Where the records below reach the line containing "(u != c -> gap", start transcribing, and end with the line containing "- by rewrite eq_uc eq_vc.", exactly and with nothing else added.

### MATERIAL FOR THIS TASK ###

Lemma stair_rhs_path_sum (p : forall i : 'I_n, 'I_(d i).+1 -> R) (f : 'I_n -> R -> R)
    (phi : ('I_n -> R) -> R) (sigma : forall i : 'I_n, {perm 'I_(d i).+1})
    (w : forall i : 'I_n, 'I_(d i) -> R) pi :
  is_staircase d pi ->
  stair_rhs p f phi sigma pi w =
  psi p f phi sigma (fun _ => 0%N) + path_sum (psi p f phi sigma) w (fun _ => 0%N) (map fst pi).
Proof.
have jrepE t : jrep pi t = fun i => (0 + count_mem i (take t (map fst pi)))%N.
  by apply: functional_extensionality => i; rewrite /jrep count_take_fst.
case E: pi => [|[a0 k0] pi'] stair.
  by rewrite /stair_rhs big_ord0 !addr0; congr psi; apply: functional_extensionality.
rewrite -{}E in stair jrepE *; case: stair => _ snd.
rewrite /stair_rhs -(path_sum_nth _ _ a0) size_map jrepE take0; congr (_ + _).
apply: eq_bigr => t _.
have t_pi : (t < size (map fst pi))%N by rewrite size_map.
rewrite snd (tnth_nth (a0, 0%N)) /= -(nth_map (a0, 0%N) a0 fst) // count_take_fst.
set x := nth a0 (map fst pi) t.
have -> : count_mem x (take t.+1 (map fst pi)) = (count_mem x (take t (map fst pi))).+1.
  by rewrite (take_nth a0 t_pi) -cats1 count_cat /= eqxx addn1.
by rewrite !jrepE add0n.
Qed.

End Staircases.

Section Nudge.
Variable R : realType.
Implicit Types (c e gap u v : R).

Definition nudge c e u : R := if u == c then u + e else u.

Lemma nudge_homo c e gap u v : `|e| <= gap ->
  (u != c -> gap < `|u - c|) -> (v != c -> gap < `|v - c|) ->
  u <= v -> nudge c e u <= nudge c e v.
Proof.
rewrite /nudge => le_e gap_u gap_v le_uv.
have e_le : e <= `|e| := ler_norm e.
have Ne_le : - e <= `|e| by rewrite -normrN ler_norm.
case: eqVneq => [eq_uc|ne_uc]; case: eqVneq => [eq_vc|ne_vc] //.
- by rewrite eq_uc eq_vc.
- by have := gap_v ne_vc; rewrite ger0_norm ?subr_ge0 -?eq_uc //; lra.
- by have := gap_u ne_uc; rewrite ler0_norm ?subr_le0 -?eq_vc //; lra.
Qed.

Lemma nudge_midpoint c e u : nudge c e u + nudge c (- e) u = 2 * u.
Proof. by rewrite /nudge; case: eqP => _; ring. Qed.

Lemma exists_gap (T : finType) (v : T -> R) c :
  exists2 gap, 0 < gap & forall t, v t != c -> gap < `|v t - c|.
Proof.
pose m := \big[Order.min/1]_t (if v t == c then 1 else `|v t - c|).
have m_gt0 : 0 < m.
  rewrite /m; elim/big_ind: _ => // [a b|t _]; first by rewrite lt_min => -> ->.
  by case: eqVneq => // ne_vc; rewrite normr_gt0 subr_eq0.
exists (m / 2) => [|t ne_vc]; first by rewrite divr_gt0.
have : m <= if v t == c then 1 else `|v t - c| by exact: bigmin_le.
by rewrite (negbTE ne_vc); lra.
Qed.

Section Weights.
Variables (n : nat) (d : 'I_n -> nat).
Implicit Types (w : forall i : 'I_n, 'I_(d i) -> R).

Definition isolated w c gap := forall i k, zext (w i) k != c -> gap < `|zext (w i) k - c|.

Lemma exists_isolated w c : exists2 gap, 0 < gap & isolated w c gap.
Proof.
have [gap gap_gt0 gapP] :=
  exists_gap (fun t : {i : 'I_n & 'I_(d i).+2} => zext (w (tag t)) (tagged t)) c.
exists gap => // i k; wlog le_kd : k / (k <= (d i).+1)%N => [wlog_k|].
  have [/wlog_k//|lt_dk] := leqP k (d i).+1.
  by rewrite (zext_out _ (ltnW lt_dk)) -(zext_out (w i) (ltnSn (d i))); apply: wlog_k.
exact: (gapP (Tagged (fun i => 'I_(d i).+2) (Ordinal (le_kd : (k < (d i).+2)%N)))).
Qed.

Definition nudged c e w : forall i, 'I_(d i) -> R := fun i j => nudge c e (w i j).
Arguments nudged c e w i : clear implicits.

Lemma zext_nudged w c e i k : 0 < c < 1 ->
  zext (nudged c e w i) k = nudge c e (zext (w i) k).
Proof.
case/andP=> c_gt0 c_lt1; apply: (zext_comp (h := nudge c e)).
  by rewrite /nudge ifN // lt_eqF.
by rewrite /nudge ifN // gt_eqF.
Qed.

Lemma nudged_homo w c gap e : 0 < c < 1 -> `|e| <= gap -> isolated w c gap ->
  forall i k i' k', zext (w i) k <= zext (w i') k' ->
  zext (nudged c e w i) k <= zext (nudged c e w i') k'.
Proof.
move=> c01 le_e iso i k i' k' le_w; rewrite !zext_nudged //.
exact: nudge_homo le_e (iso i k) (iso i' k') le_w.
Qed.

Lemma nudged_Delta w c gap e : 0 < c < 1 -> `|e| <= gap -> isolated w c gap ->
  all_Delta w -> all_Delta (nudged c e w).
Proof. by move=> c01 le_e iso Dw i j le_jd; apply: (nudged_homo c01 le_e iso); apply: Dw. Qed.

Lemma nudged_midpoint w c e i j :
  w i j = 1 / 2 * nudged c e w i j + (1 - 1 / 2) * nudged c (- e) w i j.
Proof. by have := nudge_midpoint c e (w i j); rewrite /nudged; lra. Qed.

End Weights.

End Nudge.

###

WRITTEN REPLY
  (u != c -> gap < `|u - c|) -> (v != c -> gap < `|v - c|) ->
  u <= v -> nudge c e u <= nudge c e v.
Proof.
rewrite /nudge => le_e gap_u gap_v le_uv.
have e_le : e <= `|e| := ler_norm e.
have Ne_le : - e <= `|e| by rewrite -normrN ler_norm.
case: eqVneq => [eq_uc|ne_uc]; case: eqVneq => [eq_vc|ne_vc] //.
- by rewrite eq_uc eq_vc.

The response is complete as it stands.